Data for analysis:

════════════════════

(* Let $h>0$, $\mathbb{T}:=\{0,h,2h,\ldots\}$, $p_0,p_1\in\mathbb{C}\setminus\{-\tfrac1h\}$ with $p_0\ne p_1$, and define $p:\mathbb{T}\to\mathbb{C}$ by $p(t)=p_0$ if $\tfrac th$ is even and $p(t)=p_1$ if $\tfrac th$ is odd. Let $f:\mathbb{T}\times\mathbb{C}\to\mathbb{C}$ and consider $$\Delta_h\phi(t)-p(t)\phi(t)=f(t,\phi(t)),\qquad t\in\mathbb{T},\qquad(\ast\ast)$$ with $\Delta_h\phi(t):=\frac{\phi(t+h)-\phi(t)}{h}$. Let $\delta>0$ be arbitrary. Suppose there exists $L>0$ with $|f(t,\phi)|\le L$ for all $(t,\phi)\in\mathbb{T}\times\mathbb{C}$, and that all solutions of $(\ast\ast)$ exist on $\mathbb{T}$. If $0<|1+hp_0||1+hp_1|<1$, then all solutions of $(\ast\ast)$ are uniform-ultimately bounded for the bound $LK_0+\delta$, where $$K_0:=h\max\left\{\frac{1+|1+hp_0|}{\big|1-|1+hp_0||1+hp_1|\big|},\ \frac{1+|1+hp_1|}{\big|1-|1+hp_0||1+hp_1|\big|}\right\}.$$
   Context: The solutions of $(\ast\ast)$ are uniform-ultimately bounded for a bound $B>0$ if for every $\alpha>0$ there exists $T(\alpha)>0$ such that for every $\phi_0\in\mathbb{C}$ with $|\phi_0|<\alpha$, the solution $\phi$ of $(\ast\ast)$ with $\phi(0)=\phi_0$ satisfies $|\phi(t)|<B$ for all $t\in\mathbb{T}$ with $t\ge T(\alpha)$. *)

From Stdlib Require Import Reals.
From Coquelicot Require Import Coquelicot.
Open Scope R_scope.

(* The time scale T = {0, h, 2h, ...} is indexed by k : nat, t = k*h.
   A function phi : T -> C is represented as phi : nat -> C, phi k = phi(k h). *)

Definition p_per (p0 p1 : C) (k : nat) : C := if Nat.even k then p0 else p1.

Definition Delta_h (h : R) (phi : nat -> C) (k : nat) : C :=
  Cdiv (Cminus (phi (S k)) (phi k)) (RtoC h).

Definition is_solution (h : R) (p0 p1 : C) (f : R -> C -> C) (phi : nat -> C) : Prop :=
  forall k : nat,
    Cminus (Delta_h h phi k) (Cmult (p_per p0 p1 k) (phi k)) = f (INR k * h) (phi k).

Definition uniformly_ultimately_bounded (h : R) (p0 p1 : C) (f : R -> C -> C) (B : R) : Prop :=
  forall alpha : R, alpha > 0 ->
  exists T0 : R, T0 > 0 /\
    forall phi : nat -> C, is_solution h p0 p1 f phi ->
      Cmod (phi O) < alpha ->
      forall k : nat, INR k * h >= T0 -> Cmod (phi k) < B.

(* Write x_k = |phi(kh)| and q_k = |1 + h p(kh)|, which alternates between q0 and q1.
   The equation gives phi((k+1)h) = (1 + h p(kh)) phi(kh) + h f(kh, phi(kh)), hence
   x_{k+1} <= q_k x_k + hL, and over two steps x_{k+2} <= q0 q1 x_k + h (1 + q_{k+1}) L.
   As h (1 + q_i) <= (1 - q0 q1) K0, this says x_{k+2} - L K0 <= q0 q1 (x_k - L K0):
   the excess of x_k over L K0 decays geometrically with ratio q0 q1 < 1, starting from
   x_0, x_1 <= (1 + q0) alpha + hL, so it drops below delta after a time depending only
   on alpha. *)
From Stdlib Require Import Reals Lra Lia.
From Coquelicot Require Import Coquelicot.
Open Scope R_scope.

Lemma geometric_tail_lt (Q A delta : R) :
  0 <= Q < 1 -> 0 < A -> 0 < delta ->
  exists N : nat, forall n : nat, (N <= n)%nat -> Q ^ n * A < delta.
Proof.
  intros HQ HA Hdelta.
  destruct (pow_lt_1_zero Q ltac:(rewrite Rabs_pos_eq; lra) (delta / A)
              ltac:(apply Rdiv_lt_0_compat; lra)) as [N HN].
  exists N. intros n Hn.
  specialize (HN n Hn). rewrite Rabs_pos_eq in HN by (apply pow_le; lra).
  apply Rmult_lt_compat_r with (r := A) in HN; [|lra].
  unfold Rdiv in HN. rewrite Rmult_assoc, Rinv_l, Rmult_1_r in HN by lra.
  exact HN.
Qed.

Section TwoStepContraction.

Variables (x : nat -> R) (D Q : R).
Hypothesis HQ : 0 <= Q.
Hypothesis Hcontr : forall k, x (S (S k)) - D <= Q * (x k - D).

Lemma two_step_contraction_iter (j n : nat) :
  x (j + 2 * n)%nat - D <= Q ^ n * (x j - D).
Proof.
  induction n as [|n IHn].
  - rewrite Nat.add_0_r. simpl. lra.
  - replace (j + 2 * S n)%nat with (S (S (j + 2 * n))) by lia.
    eapply Rle_trans; [apply Hcontr|].
    simpl. rewrite Rmult_assoc. apply Rmult_le_compat_l; assumption.
Qed.

Lemma two_step_contraction_eventually_lt (A delta : R) (N : nat) :
  0 <= D -> x 0%nat <= A -> x 1%nat <= A ->
  (forall n, (N <= n)%nat -> Q ^ n * A < delta) ->
  forall k, (2 * N <= k)%nat -> x k < D + delta.
Proof.
  intros HD Hx0 Hx1 Htail k Hk.
  pose proof (Nat.div_mod k 2 ltac:(lia)) as Hdm.
  pose proof (Nat.mod_upper_bound k 2 ltac:(lia)) as Hmod.
  set (n := (k / 2)%nat) in *. set (j := (k mod 2)%nat) in *.
  assert (HxjA : x j - D <= A)
    by (destruct j as [|[|]]; [lra | lra | lia]).
  pose proof (two_step_contraction_iter j n) as Hiter.
  replace (j + 2 * n)%nat with k in Hiter by lia.
  assert (Hpow : 0 <= Q ^ n) by (apply pow_le; lra).
  specialize (Htail n ltac:(lia)).
  assert (Q ^ n * (x j - D) <= Q ^ n * A) by (apply Rmult_le_compat_l; lra).
  lra.
Qed.

End TwoStepContraction.

Lemma Rmult_le_Rmax_div (h a b c : R) :
  0 <= h -> 0 < c -> h * a <= c * (h * Rmax (a / c) (b / c)).
Proof.
  intros Hh Hc.
  replace (h * a) with (c * (h * (a / c))) by (field; lra).
  apply Rmult_le_compat_l; [lra|].
  apply Rmult_le_compat_l; [lra|apply Rmax_l].
Qed.

Lemma p_per_cases (p0 p1 : C) (k : nat) :
  (p_per p0 p1 k = p0 /\ p_per p0 p1 (S k) = p1) \/
  (p_per p0 p1 k = p1 /\ p_per p0 p1 (S k) = p0).
Proof.
  unfold p_per. rewrite Nat.even_succ, <- Nat.negb_even.
  destruct (Nat.even k); auto.
Qed.

Definition growth (h : R) (p : C) : R := Cmod (Cplus (RtoC 1) (Cmult (RtoC h) p)).

Definition ultimate_const (h : R) (p0 p1 : C) : R :=
  h * Rmax ((1 + growth h p0) / Rabs (1 - growth h p0 * growth h p1))
           ((1 + growth h p1) / Rabs (1 - growth h p0 * growth h p1)).

Lemma growth_ge_0 (h : R) (p : C) : 0 <= growth h p.
Proof. apply Cmod_ge_0. Qed.

Lemma growth_le_ultimate_const (h : R) (p0 p1 p : C) :
  0 <= h -> growth h p0 * growth h p1 < 1 -> p = p0 \/ p = p1 ->
  h * (1 + growth h p) <= (1 - growth h p0 * growth h p1) * ultimate_const h p0 p1.
Proof.
  intros Hh HQ Hp.
  rewrite <- (Rabs_pos_eq (1 - growth h p0 * growth h p1)) by lra.
  unfold ultimate_const.
  destruct Hp as [-> | ->]; [|rewrite Rmax_comm];
    (apply Rmult_le_Rmax_div; [lra | rewrite Rabs_pos_eq; lra]).
Qed.

Lemma ultimate_const_ge_0 (h : R) (p0 p1 : C) :
  0 <= h -> growth h p0 * growth h p1 < 1 -> 0 <= ultimate_const h p0 p1.
Proof.
  intros Hh HQ.
  pose proof (growth_le_ultimate_const h p0 p1 p0 Hh HQ (or_introl eq_refl)).
  pose proof (growth_ge_0 h p0).
  nra.
Qed.

Section Solutions.

Variables (h L : R) (p0 p1 : C) (f : R -> C -> C) (phi : nat -> C).
Hypothesis Hh : 0 < h.
Hypothesis Hf : forall (k : nat) (z : C), Cmod (f (INR k * h) z) <= L.
Hypothesis Hphi : is_solution h p0 p1 f phi.

Lemma solution_succ (k : nat) :
  phi (S k) = Cplus (Cmult (Cplus (RtoC 1) (Cmult (RtoC h) (p_per p0 p1 k))) (phi k))
                    (Cmult (RtoC h) (f (INR k * h) (phi k))).
Proof.
  rewrite <- (Hphi k). unfold Delta_h. field.
  intro E. injection E. lra.
Qed.

Lemma Cmod_solution_succ_le (k : nat) :
  Cmod (phi (S k)) <= growth h (p_per p0 p1 k) * Cmod (phi k) + h * L.
Proof.
  rewrite solution_succ. unfold growth.
  eapply Rle_trans; [apply Cmod_triangle|].
  rewrite !Cmod_mult, Cmod_R, Rabs_pos_eq by lra.
  specialize (Hf k (phi k)). nra.
Qed.

Lemma Cmod_solution_two_step_le (k : nat) :
  Cmod (phi (S (S k))) <=
  growth h p0 * growth h p1 * Cmod (phi k) + h * (1 + growth h (p_per p0 p1 (S k))) * L.
Proof.
  pose proof (Cmod_solution_succ_le k) as Hstep0.
  pose proof (Cmod_solution_succ_le (S k)) as Hstep1.
  pose proof (growth_ge_0 h (p_per p0 p1 (S k))).
  assert (Hstep01 : Cmod (phi (S (S k))) <=
    growth h (p_per p0 p1 (S k)) * (growth h (p_per p0 p1 k) * Cmod (phi k) + h * L) + h * L)
    by nra.
  destruct (p_per_cases p0 p1 k) as [[E0 E1]|[E0 E1]];
    rewrite E1 in Hstep01 |- *; rewrite E0 in Hstep01; nra.
Qed.

Hypothesis HQ : growth h p0 * growth h p1 < 1.

Lemma Cmod_solution_two_step_contraction (k : nat) :
  Cmod (phi (S (S k))) - L * ultimate_const h p0 p1 <=
  growth h p0 * growth h p1 * (Cmod (phi k) - L * ultimate_const h p0 p1).
Proof.
  pose proof (Cmod_solution_two_step_le k).
  assert (HL : 0 <= L) by (eapply Rle_trans; [apply Cmod_ge_0 | apply (Hf 0%nat (phi 0%nat))]).
  assert (h * (1 + growth h (p_per p0 p1 (S k))) * L <=
          (1 - growth h p0 * growth h p1) * ultimate_const h p0 p1 * L).
  { apply Rmult_le_compat_r; [lra|].
    apply growth_le_ultimate_const; [lra | lra | destruct (p_per_cases p0 p1 k); tauto]. }
  lra.
Qed.

End Solutions.

Theorem corollary3p1 (h : R) (p0 p1 : C) (f : R -> C -> C) (delta L : R) :
  h > 0 ->
  p0 <> RtoC (- / h) -> p1 <> RtoC (- / h) -> p0 <> p1 ->
  delta > 0 ->
  L > 0 ->
  (forall (k : nat) (z : C), Cmod (f (INR k * h) z) <= L) ->
  (forall phi0 : C, exists phi : nat -> C, is_solution h p0 p1 f phi /\ phi O = phi0) ->
  0 < Cmod (Cplus (RtoC 1) (Cmult (RtoC h) p0)) * Cmod (Cplus (RtoC 1) (Cmult (RtoC h) p1)) < 1 ->
  let q0 := Cmod (Cplus (RtoC 1) (Cmult (RtoC h) p0)) in
  let q1 := Cmod (Cplus (RtoC 1) (Cmult (RtoC h) p1)) in
  let K0 := h * Rmax ((1 + q0) / Rabs (1 - q0 * q1)) ((1 + q1) / Rabs (1 - q0 * q1)) in
  uniformly_ultimately_bounded h p0 p1 f (L * K0 + delta).
Proof.
  intros Hh _ _ _ Hdelta HL Hf _ HQ q0 q1 K0.
  change K0 with (ultimate_const h p0 p1).
  change (0 < growth h p0 * growth h p1 < 1) in HQ.
  pose proof (growth_ge_0 h p0) as Hq0.
  pose proof (ultimate_const_ge_0 h p0 p1 ltac:(lra) ltac:(lra)) as HK0.
  intros alpha Halpha.
  set (A := (1 + growth h p0) * alpha + h * L).
  destruct (geometric_tail_lt (growth h p0 * growth h p1) A delta) as [N HN];
    [lra | unfold A; nra | lra |].
  exists (INR (S (2 * N)) * h).
  split; [apply Rmult_lt_0_compat; [apply lt_0_INR; lia | lra]|].
  intros phi Hphi Hphi0 k Hk.
  apply two_step_contraction_eventually_lt
    with (x := fun k => Cmod (phi k)) (Q := growth h p0 * growth h p1) (A := A) (N := N).
  - lra.
  - exact (Cmod_solution_two_step_contraction h L p0 p1 f phi Hh Hf Hphi ltac:(lra)).
  - nra.
  - unfold A. nra.
  - pose proof (Cmod_solution_succ_le h L p0 p1 f phi Hh Hf Hphi 0) as Hstep.
    change (p_per p0 p1 0) with p0 in Hstep. cbv beta. unfold A. nra.
  - exact HN.
  - apply INR_le, Rmult_le_reg_r with h; [lra|]. rewrite S_INR in Hk. lra.
Qed.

════════════════════

Description of the task:
What are the lines, exactly as written above, from the line with "growth h p0 * growth h p1 * Cmod" to the line with "assert (Hstep01 : Cmod", both included? Output only those.

Result for this exercise:
  growth h p0 * growth h p1 * Cmod (phi k) + h * (1 + growth h (p_per p0 p1 (S k))) * L.
Proof.
  pose proof (Cmod_solution_succ_le k) as Hstep0.
  pose proof (Cmod_solution_succ_le (S k)) as Hstep1.
  pose proof (growth_ge_0 h (p_per p0 p1 (S k))).
  assert (Hstep01 : Cmod (phi (S (S k))) <=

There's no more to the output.